Tuesday, January 01, 2008
Faithfulness
A bunch of us sang this song last night to see in the new year. While it’s an old, old song, it has words with such amazing truths in them, and what a wonderful way to see in the new year. As I came into 2007, there seemed to be so many new things about to happen, exciting new jobs and new directions, loads of wonderful possibilities! As the year unfolded though, it became clear, that while I thought I knew where God was taking me, he was actually taking me to a very different place!
Coming into this year, I am much more aware of my need, to pray, to keep praying, I don’t think I have ever prayed so much in all my life as I have in the last few months! To keep waiting for God, rather than jumping the gun and reaching my own conclusions, of submitting to him, and trusting that he knows best and stepping out in his footsteps, not mine, no matter where they lead.
I am so grateful for God’s faithfulness, in my life, and in the testimony of the lives of others. He doesn’t leave us or forsake us, he loves us amazingly, and takes us onward. I was also reminded of James 1again and the amazing reminders that God doesn’t change, and all the amazing reminders and challenges it gives each of us.
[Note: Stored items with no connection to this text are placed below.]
Lemma ffun_additive_kernel (F : finFieldType) (I J : finType)
    (f : {ffun I -> F} -> {ffun J -> F}) :
  (#|J| < #|I|)%N -> {morph f : u v / u - v} -> exists2 u, u != 0 & f u = 0.
Proof.
move=> JI fB; have /injectivePn[u [v u_neq_v fuv]] : ~~ injectiveb f.
  apply: contraTN JI => /injectiveP/leq_card; rewrite !card_ffun -leqNgt.
  by rewrite leq_exp2l // finNzRing_gt1.
by exists (u - v); rewrite ?subr_eq0 // fB fuv subrr.
Qed.

Lemma card_setC_ge (R : numDomainType) (T : finType) (A : {set T}) (gamma : R) :
  #|A|%:R <= gamma * #|T|%:R -> #|T|%:R - gamma * #|T|%:R <= #|~: A|%:R.
Proof. by rewrite -(cardsC A) natrD lerBlDr addrC lerD2l. Qed.

Section Counting.
Local Open Scope nat_scope.

Lemma sum_ord_ltn K n L : \sum_(a < K) (n + a < L) = minn K (L - n).
Proof. by elim: K => [|K IHK]; rewrite ?big_ord0 ?big_ord_recr ?IHK /=; lia. Qed.

Lemma sum_minn_blocks M q L : \sum_(j < M) minn q (L - j * q) = minn (M * q) L.
Proof. by elim: M => [|M IHM]; rewrite ?big_ord0 ?big_ord_recr ?IHM /=; lia. Qed.

Lemma card_digit_positions M K q L : K <= q -> L <= M * q ->
  K * L <= #|[set y : 'I_M * 'I_K | y.1 * q + y.2 < L]| * q.
Proof.
move=> Kq LMq; have -> : #|[set y : 'I_M * 'I_K | y.1 * q + y.2 < L]| =
    \sum_(j < M) \sum_(a < K) (j * q + a < L).
  rewrite -sum1_card big_mkcond pair_big; apply: eq_bigr => y _.
  by rewrite inE; case: (_ < L).
rewrite -{1}(minn_idPr LMq) -sum_minn_blocks big_distrr big_distrl /=.
by apply: leq_sum => j _; rewrite sum_ord_ltn; nia.
Qed.

End Counting.

Section Pseudoderivatives.
Variable F : finFieldType.
Local Notation q := #|F|.
Local Notation Lam := (Lam F).

Lemma hasse_horner l (p : {poly F}) (a : F) :
  (hasse l p).[a] = (p \Po ('X + a%:P))`_l.
Proof.
rewrite /comp_poly addrC.
rewrite (@nderiv_taylor_wide _ (maxn (size p) l.+1) (p ^:P) a%:P 'X); last first.
- by rewrite size_map_polyC leq_maxl.
- exact: commr_polyX.
rewrite coef_sum (bigD1 (Ordinal (leq_maxr (size p) l.+1))) //= big1.
  by rewrite addr0 nderivn_map horner_map /= coefCM coefXn eqxx mulr1.
move=> i /eqP ne; rewrite nderivn_map horner_map /= coefCM coefXn.
by case: eqP => [e|]; rewrite ?mulr0 //; case: ne; apply: val_inj.
Qed.

Lemma hasse_hornerM l (p p' : {poly F}) (a : F) :
  (hasse l (p * p')).[a] = \sum_(s < l.+1) (hasse s p).[a] * (hasse (l - s) p').[a].
Proof.
rewrite hasse_horner comp_polyM coefM.
by apply: eq_bigr => s _; rewrite !hasse_horner.
Qed.

Lemma size_hasse l (p : {poly F}) : (size (hasse l p) <= size p)%N.
Proof. by rewrite (leq_trans (size_poly _ _)) ?leq_subr. Qed.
There is much in there to think over, but last night, coming into the new year, it really blessed me!
So, blessings on each of you as you come into 2008. Wherever you are at, may you go deeper and stronger into all that God has for each of you in the coming year, knowing that our God is faithful!
Great is Thy faithfulness, O God my Father;
There is no shadow of turning with Thee;
Thou changest not, Thy compassions, they fail not;
As Thou hast been, Thou forever will be.
Refrain
Great is Thy faithfulness!
Great is Thy faithfulness!
Morning by morning new mercies I see.
All I have needed Thy hand hath provided;
Great is Thy faithfulness, Lord, unto me!
Summer and winter and springtime and harvest,
Sun, moon and stars in their courses above
Join with all nature in manifold witness
To Thy great faithfulness, mercy and love.
Refrain
Pardon for sin and a peace that endureth
Thine own dear presence to cheer and to guide;
Strength for today and bright hope for tomorrow,
Blessings all mine, with ten thousand beside!